Changes in operating assets and liabilities used $183 of cash from operating activities.

At September 30, 2025, we had cash and marketable
securities held in the Trust Account of $238,902,575 (including approximately $7,752,575 of interest income and net of unrealized losses).
We intend to use substantially all of the funds held in the Trust Account, including any amounts representing interest earned on the
Trust Account, which interest shall be net of taxes payable and excluding deferred underwriting commissions, to complete our Business
Combination. We may withdraw interest from the Trust Account to pay taxes, if any. To the extent that our share capital or debt is used,
in whole or in part, as consideration to complete a Business Combination, the remaining proceeds held in the Trust Account will be used
as working capital to finance the operations of the target business or businesses, make other acquisitions and pursue our growth strategies.

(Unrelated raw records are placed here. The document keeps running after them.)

Lemma measure_big_setU_null_overlaps (d : measure_display) (X : measurableType d)
    (R : realType) (mu : {measure set X -> \bar R}) (I : eqType) (S : I -> set X)
    (s : seq I) :
  uniq s -> (forall i, measurable (S i)) -> (forall i, (mu (S i) < +oo)%E) ->
  (forall i j, i != j -> mu (S i `&` S j) = 0%E) ->
  mu (\big[setU/set0]_(i <- s) S i) = (\sum_(i <- s) mu (S i))%E.
Proof.
move=> + mS finS null_inter; elim: s => [|i s IH]; first by rewrite !big_nil measure0.
rewrite /= => /andP[i_notin us].
have mU : measurable (\big[setU/set0]_(j <- s) S j) by exact: bigsetU_measurable.
have overlap0 : mu (S i `&` \big[setU/set0]_(j <- s) S j) = 0%E.
  elim: s i_notin {IH us mU} => [|j s IH] i_notin.
    by rewrite big_nil setI0 measure0.
  rewrite big_cons setIUr null_set_setU //.
  - exact: measurableI.
  - by apply: measurableI => //; exact: bigsetU_measurable.
  - by apply: null_inter; apply: contraNneq i_notin => ->; rewrite mem_head.
  - by apply: IH; apply: contra i_notin => js; rewrite in_cons js orbT.
by rewrite !big_cons measureUfinl // overlap0 sube0 IH.
Qed.

Section AlmostDisjointFamily.
Variables (d : measure_display) (X : measurableType d) (R : realType).
Variables (mu : probability X R) (I : choiceType) (S : I -> set X).
Hypothesis mS : forall i, measurable (S i).
Hypothesis null_inter : forall i j, i != j -> mu (S i `&` S j) = 0%E.

Lemma finite_heavy_members (k : nat) :
  finite_set [set i | ((k.+1%:R^-1)%:E < mu (S i))%E].
Proof.
apply: contrapT => /(infinite_set_fset k.+2) [B heavyB cardB].
set s := finmap.enum_fset B in cardB.
have sum_union : (\sum_(i <- s) mu (S i))%E = mu (\big[setU/set0]_(i <- s) S i).
  apply/esym/measure_big_setU_null_overlaps => //; first exact: finmap.fset_uniq.
  by move=> i; apply: (le_lt_trans (probability_le1 _ _)); [|exact: ltry].
have le_one : (mu (\big[setU/set0]_(i <- s) S i) <= 1)%E.
  by apply: probability_le1; exact: bigsetU_measurable.
have : (size s)%:R / k.+1%:R <= 1 :> R.
  rewrite -lee_fin; apply: le_trans le_one; rewrite -sum_union.
  have -> : ((size s)%:R / k.+1%:R : R)%:E = (\sum_(i <- s) (k.+1%:R^-1)%:E)%E.
    by rewrite sumEFin big_const_seq count_predT iter_addr_0 mulr_natl.
  by rewrite big_seq [leRHS]big_seq; apply: lee_sum => i /heavyB /ltW.
by rewrite ler_pdivrMr ?ltr0Sn // mul1r ler_nat leqNgt cardB.
Qed.

Lemma countable_positive_members : countable [set i | (0 < mu (S i))%E].
Proof.
apply: (@sub_countable _ _ _
  (\bigcup_(k in [set: nat]) [set i | ((k.+1%:R^-1)%:E < mu (S i))%E])).
  apply: subset_card_le => i /= mu_pos.
  have fin : mu (S i) \is a fin_num by apply: fin_num_measure.
  move: mu_pos; rewrite -(fineK fin) lte_fin => /invS_lt[k Hk].
  by exists k => //=; rewrite -(fineK fin) lte_fin.
apply: bigcup_countable; first exact: countableP.
by move=> k _; apply: finite_set_countable; exact: finite_heavy_members.
Qed.

End AlmostDisjointFamily.

Lemma affine_pair_proportional (K : realFieldType) (y y' tau tau' L x rho : K) :
  y != y' -> 0 < L -> L + y * x = tau * rho -> L + y' * x = tau' * rho ->
  let c := (tau - tau') / (y - y') in x = c / (tau - y * c) * L.
Proof.
move=> yy' Lpos H1 H2 c; have yy0 : y - y' != 0 by rewrite subr_eq0.
have hyx : (y - y') * x = (tau - tau') * rho.
  by transitivity ((L + y * x) - (L + y' * x)); [ring|rewrite H1 H2; ring].
have hx : x = c * rho by apply: (mulfI yy0); rewrite hyx /c; field.
have hL : L = (tau - y * c) * rho.
  by transitivity ((L + y * x) - y * x); [ring|rewrite H1 hx; ring].
have e0 : tau - y * c != 0.
  by apply: contraTneq Lpos => e0; rewrite hL e0 mul0r ltxx.
by rewrite hx hL; field.
Qed.

Section Model.
Variables (R : realType) (n : nat).
Local Notation T := (n.+2.-tuple R).
Variables (A : set T) (F : probability T R) (r : T -> R).
Hypotheses (mA : measurable A) (A_pos : forall a, A a -> forall i, 0 < tnth a i).
Hypotheses (mr : measurable_fun A r) (r_pos : forall a, A a -> 0 < r a).

Definition ratio (w a : T) : R := dotv w a / r a.

Definition atom (w : T) (tau : R) : set T := A `&` [set a | ratio w a = tau].

Lemma measurable_ratio_pair : measurable_fun (setT `*` A) (fun p : T * T => ratio p.1 p.2).
Proof.
have mXA : measurable ([set: T] `*` A) by exact: measurableX.
apply: measurable_funM.
  apply: (measurable_funS measurableT) => //.
  exact: measurable_dotv measurable_fst measurable_snd.
apply: measurable_funV => //; last by move=> [w a] [_ /= Aa]; rewrite gt_eqF ?r_pos.
apply: (measurable_comp (F := A)) mr _ => //; first by move=> _ [[w a] [_ Aa] <-].
by apply: (measurable_funS measurableT) => //; exact: measurable_snd.
Qed.

Lemma measurable_ratio w : measurable_fun A (ratio w).
Proof.
apply: (measurable_comp (F := setT `*` A) (f := fun p : T * T => ratio p.1 p.2)
  (g := fun a => (w, a))) => //; first exact: measurableX.
- by move=> _ [a Aa <-].
- exact: measurable_ratio_pair.
- apply: (measurable_funS measurableT) => //.
  by apply: measurable_fun_pair; [exact: measurable_cst|exact: measurable_id].
Qed.

Lemma measurable_atom w tau : measurable (atom w tau).
Proof. exact: measurable_level mA (measurable_ratio w) tau. Qed.

Lemma Kw_cdf_continuous w : (forall tau, F (atom w tau) = 0%E) ->
  continuous (Kw_cdf F A r w).
Proof. exact: atomless_cdf_continuous mA (measurable_ratio w). Qed.

Lemma ratio_eq w a tau : A a -> (ratio w a = tau) <-> (dotv w a = tau * r a).
Proof.
move=> Aa; have r0 : r a != 0 by rewrite gt_eqF ?r_pos.
by rewrite /ratio; split => [<-|->]; field.
Qed.

Definition dotv_init (t a : T) : R :=
  \sum_(i < n.+1) tnth t (widen_ord (leqnSn _) i) * tnth a (widen_ord (leqnSn _) i).

Lemma dotv_upd_last t y a : dotv (upd_last t y) a = dotv_init t a + y * tnth a ord_max.
Proof.
rewrite /dotv big_ord_recr /= tnth_upd_last eqxx; congr (_ + _).
by apply: eq_bigr => i _; rewrite tnth_upd_last_widen.
Qed.

Lemma dotv_init_upd_last t a y : dotv_init t (upd_last a y) = dotv_init t a.
Proof. by apply: eq_bigr => i _; rewrite tnth_upd_last_widen. Qed.

Lemma measurable_dotv_init t : measurable_fun setT (dotv_init t).
Proof.
apply: measurable_sum => i; apply: measurable_funM => //.
exact: measurable_tnth.
Qed.

Definition init_pos (t : T) : Prop :=
  forall i : 'I_n.+1, 0 < tnth t (widen_ord (leqnSn _) i).

Lemma dotv_init_gt0 t a : init_pos t -> A a -> 0 < dotv_init t a.
Proof.
move=> tpos Aa; rewrite /dotv_init big_ord_recl ltr_wpDr //.
- by apply: sumr_ge0 => i _; apply/ltW/mulr_gt0; [exact: tpos|exact: A_pos].
- by apply: mulr_gt0; [exact: tpos|exact: A_pos].
Qed.

Hypothesis densF : has_density_tuple F.

(* Moving only the last coordinate of w, atoms overlap in F-null sets: for
   distinct last weights the overlap lies in a graph over the first
   coordinates (affine_pair_proportional), for equal ones it is empty. *)
Lemma atom_overlap_null t : init_pos t -> forall p q : R * R, p != q ->
  F (atom (upd_last t p.1) p.2 `&` atom (upd_last t q.1) q.2) = 0%E.
Proof.
move=> tpos [y tau] [y' tau'] /=; have [<- pq|yy' _] := eqVneq y y'.
  have tt' : tau != tau' by apply: contra_neq pq => ->.
  suff -> : atom (upd_last t y) tau `&` atom (upd_last t y) tau' = set0 by [].
  apply/seteqP; split => // a [[_ /= e1] [_ /= e2]].
  by move: tt'; rewrite -e1 -e2 eqxx.
set c := (tau - tau') / (y - y').
pose h a := c / (tau - y * c) * dotv_init t a.
have mh : measurable_fun setT h by exact: measurable_funM (measurable_dotv_init t).
apply/eqP; rewrite -measure_le0 -(density_tuple_graph_null densF mh); last first.
  by move=> a z; rewrite /h dotv_init_upd_last.
apply: le_measure; rewrite ?inE.
- by apply: measurableI; exact: measurable_atom.
- exact: measurable_last_graph.
move=> a [[Aa /(ratio_eq _ _ Aa) H1] [_ /(ratio_eq _ _ Aa) H2]] /=.
rewrite dotv_upd_last in H1; rewrite dotv_upd_last in H2.
exact: affine_pair_proportional yy' (dotv_init_gt0 tpos Aa) H1 H2.
Qed.

Lemma countable_atom_section t : init_pos t ->
  countable [set y | exists tau, (0 < F (atom (upd_last t y) tau))%E].
Proof.
move=> tpos; have mS (p : R * R) : measurable (atom (upd_last t p.1) p.2).
  exact: measurable_atom.
apply: sub_countable (countable_positive_members mS (atom_overlap_null tpos)).
apply: card_le_trans (card_image_le fst _); apply: subset_card_le.
by move=> y [tau Htau]; exists (y, tau).
Qed.

Definition tie_set : set (T * (T * T)) :=
  [set z | A z.2.1 /\ A z.2.2 /\ ratio z.1 z.2.1 = ratio z.1 z.2.2].

Lemma measurable_tie_set : measurable tie_set.
Proof.
pose D0 : set (T * (T * T)) := setT `*` (A `*` A).
have mD0 : measurable D0 by apply: measurableX => //; exact: measurableX.
have mratio (g : T * T -> T) : measurable_fun setT g ->
    (forall z, D0 z -> A (g z.2)) -> measurable_fun D0 (fun z => ratio z.1 (g z.2)).
  move=> mg gA; apply: (measurable_comp (F := setT `*` A)
    (f := fun p : T * T => ratio p.1 p.2) (g := fun z => (z.1, g z.2))) => //.
  - exact: measurableX.
  - by move=> _ [z D0z <-]; split => //; exact: gA.
  - exact: measurable_ratio_pair.
  apply: (measurable_funS measurableT) => //; apply: measurable_fun_pair => //.
  exact: measurableT_comp mg measurable_snd.
have mdiff : measurable_fun D0 (fun z => ratio z.1 z.2.1 - ratio z.1 z.2.2).
  by apply: measurable_funB; apply: mratio => // z [_ []].
have := mdiff mD0 _ (measurable_set1 0); congr measurable.
apply/seteqP; split => z.
  by move=> [[_ [A1 A2]] /= /eqP]; rewrite subr_eq0 => /eqP.
by move=> [A1 [A2 /= ->]]; rewrite subrr.
Qed.

(* The F x F-mass of the pairs tied under w; it is positive exactly when K_w
   has an atom, and it is measurable in w. *)
Definition tie_mass (w : T) : \bar R :=
  product_subprobability (F : subprobability _ R, F : subprobability _ R)
    (xsection tie_set w).

Lemma measurable_tie_mass : measurable_fun setT tie_mass.
Proof. exact: measurable_fun_xsection measurable_tie_set. Qed.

At September 30, 2025, we had cash of $845,830
held outside of the Trust Account. We intend to use the funds held outside the Trust Account primarily to identify and evaluate target
businesses, perform business due diligence on prospective target businesses, travel to and from the offices, plants or similar locations
of prospective target businesses or their representatives or owners, review corporate documents and material agreements of prospective
target businesses, structure, negotiate and complete a Business Combination.

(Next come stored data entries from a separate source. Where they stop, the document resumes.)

(* Let $\Gamma((r^S)_{S\subseteq I})$ be a quitting game satisfying $r^i_i=0$ for all $i\in I$. If there is a normal player $i\in I_*$ such that $r^i\in\mathbb R^N_{\ge0}$, then for every $\varepsilon>0$ the game has a stationary $\varepsilon$-equilibrium.
   Context: A quitting game $\Gamma((r^S)_{S\subseteq I})$: finite player set $I=[N]$, vectors $r^S\in[-1,1]^N$ for all $S\subseteq I$; at each stage $t\in\mathbb N$ each player chooses to continue or quit; with $t^*$ the first stage at which some player quits and $S^*$ the set of players quitting then ($S^*=\emptyset$ if nobody ever quits), the payoff is $r^{S^*}$. Write $r^i:=r^{\{i\}}$. A (behavior) strategy of player $i$ is a sequence $x_i=(x_i^t)_{t\in\mathbb N}\subset[0,1]$, $x_i^t$ being the probability of quitting at stage $t$ if nobody quit before; it is stationary if $x_i^t$ does not depend on $t$. $\gamma(x):=\mathbb E_x[r^{S^*}]$. A profile $x$ is an $\varepsilon$-equilibrium if $\gamma_i(x)\ge\gamma_i(x_i',x_{-i})-\varepsilon$ for all $i$ and all strategies $x_i'$. Normal players: $I_0:=I$, $I_{l+1}:=\{i\in I_l:\ \exists j\in I_l,\ j\neq i,\ r^j_i\le0\}$, and $I_*:=\bigcap_{l}I_l$. Players in $I_*$ are normal, the others abnormal. *)

From mathcomp Require Import all_boot.
From Stdlib Require Import Reals ClassicalEpsilon.
Set Implicit Arguments. Unset Strict Implicit. Unset Printing Implicit Defensive.

Local Open Scope R_scope.

(* Players are 'I_N.  A quitting game is given by r : {set 'I_N} -> 'I_N -> R
   (r S = payoff vector when S is the set of players quitting first). *)
Definition game (N : nat) := {set 'I_N} -> 'I_N -> R.
(* Let $\alpha>1$ be fixed. For a positive integer $n$ let $A=\{1,2,\dots,2^n\}$, $B=\{1,2,\dots,\lfloor n^{\alpha}\rfloor\}$, let $P_n$ be the set of primes $p\le n^{\alpha}$, and define the family $H(n)=\{h_p:A\to B\}_{p\in P_n}$ by $h_p(a)=(a\bmod p)+1$, where $a\bmod p$ is the remainder of $a$ upon division by $p$. Then for all sufficiently large $n$, the family $H(n)$ is $\frac{\alpha}{n^{\alpha-1}}$-almost universal.
   Context: A family $\{h_p:X\to Y\}_{p\in P}$ indexed by a finite set $P$ is $\varepsilon$-almost universal if for all distinct $x_1,x_2\in X$, $|\{p\in P : h_p(x_1)=h_p(x_2)\}|\le\varepsilon|P|$; equivalently, for $p$ drawn uniformly from $P$, $\Pr[h_p(x_1)=h_p(x_2)]\le\varepsilon$. *)

From mathcomp Require Import all_boot all_order all_algebra.
From mathcomp Require Import reals exp.
Set Implicit Arguments. Unset Strict Implicit. Unset Printing Implicit Defensive.
Import Order.TTheory GRing.Theory Num.Theory.
Local Open Scope ring_scope.

Definition almost_universal (R : realType) (X : pred nat) (P : seq nat)
  (h : nat -> nat -> nat) (eps : R) : Prop :=
  forall x1 x2 : nat, x1 \in X -> x2 \in X -> x1 != x2 ->
    (count (fun p => h p x1 == h p x2) P)%:R <= eps * (size P)%:R.

Definition domA (n : nat) : pred nat := fun a => (1 <= a <= 2 ^ n)%N.

(* P_n = primes p <= n^alpha (listed increasingly; the iota bound only
   ensures finiteness, since p <= n^alpha implies p <= floor(n^alpha)). *)
Definition primesP (R : realType) (alpha : R) (n : nat) : seq nat :=
  [seq p <- iota 0 (Num.truncn (powR (n%:R : R) alpha)).+1
     | prime p && ((p%:R : R) <= powR (n%:R : R) alpha)].

Definition hmod (p a : nat) : nat := ((a %% p) + 1)%N.

From mathcomp Require Import all_boot all_order all_algebra.
From mathcomp Require Import reals exp.
From mathcomp Require Import zify ring lra.

Set Implicit Arguments.
Unset Strict Implicit.
Unset Printing Implicit Defensive.

Import Order.TTheory GRing.Theory Num.Theory.

(* Two points a < b of A collide under h_p exactly when p divides b - a, a
   number in (0, 2^n).  Splitting its prime divisors at 2^s, at most 2^s are
   small, and at most n/s are large since their product divides b - a; with
   s ~ (15/16) log2 n this is about (16/15) n / log2 n.  On the other side,
   Chebyshev's argument with the integers (30m)! m! / ((15m)! (10m)! (6m)!),
   which grow by a factor at least 2^38 from m to m + 1 while every prime
   power dividing them is at most 30m, gives pi(X) >= (38/30) X / log2 X up to
   lower-order terms.  For X = n^alpha the target bound alpha n^(1-alpha) pi(X)
   is then about (38/30) n / log2 n, and 38/30 > 16/15. *)

Definition primepi (N : nat) : nat := count prime (iota 0 N.+1).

In order to fund working capital deficiencies
or finance transaction costs in connection with a Business Combination, our Sponsor or an affiliate of our Sponsor or certain of our
officers and directors may, but are not obligated to, loan us funds as may be required. If we complete a Business Combination, we may
repay such loaned amounts out of the proceeds of the Trust Account released to us. In the event that a Business Combination does not
close, we may use a portion of the working capital held outside the Trust Account to repay such loaned amounts, but no proceeds from
our Trust Account would be used for such repayment. Up to $1.5 million of such Working Capital Loans may be converted into units
of the post Business Combination entity at a price of $10.00 per Unit. The units would be identical to the Private Placement Units.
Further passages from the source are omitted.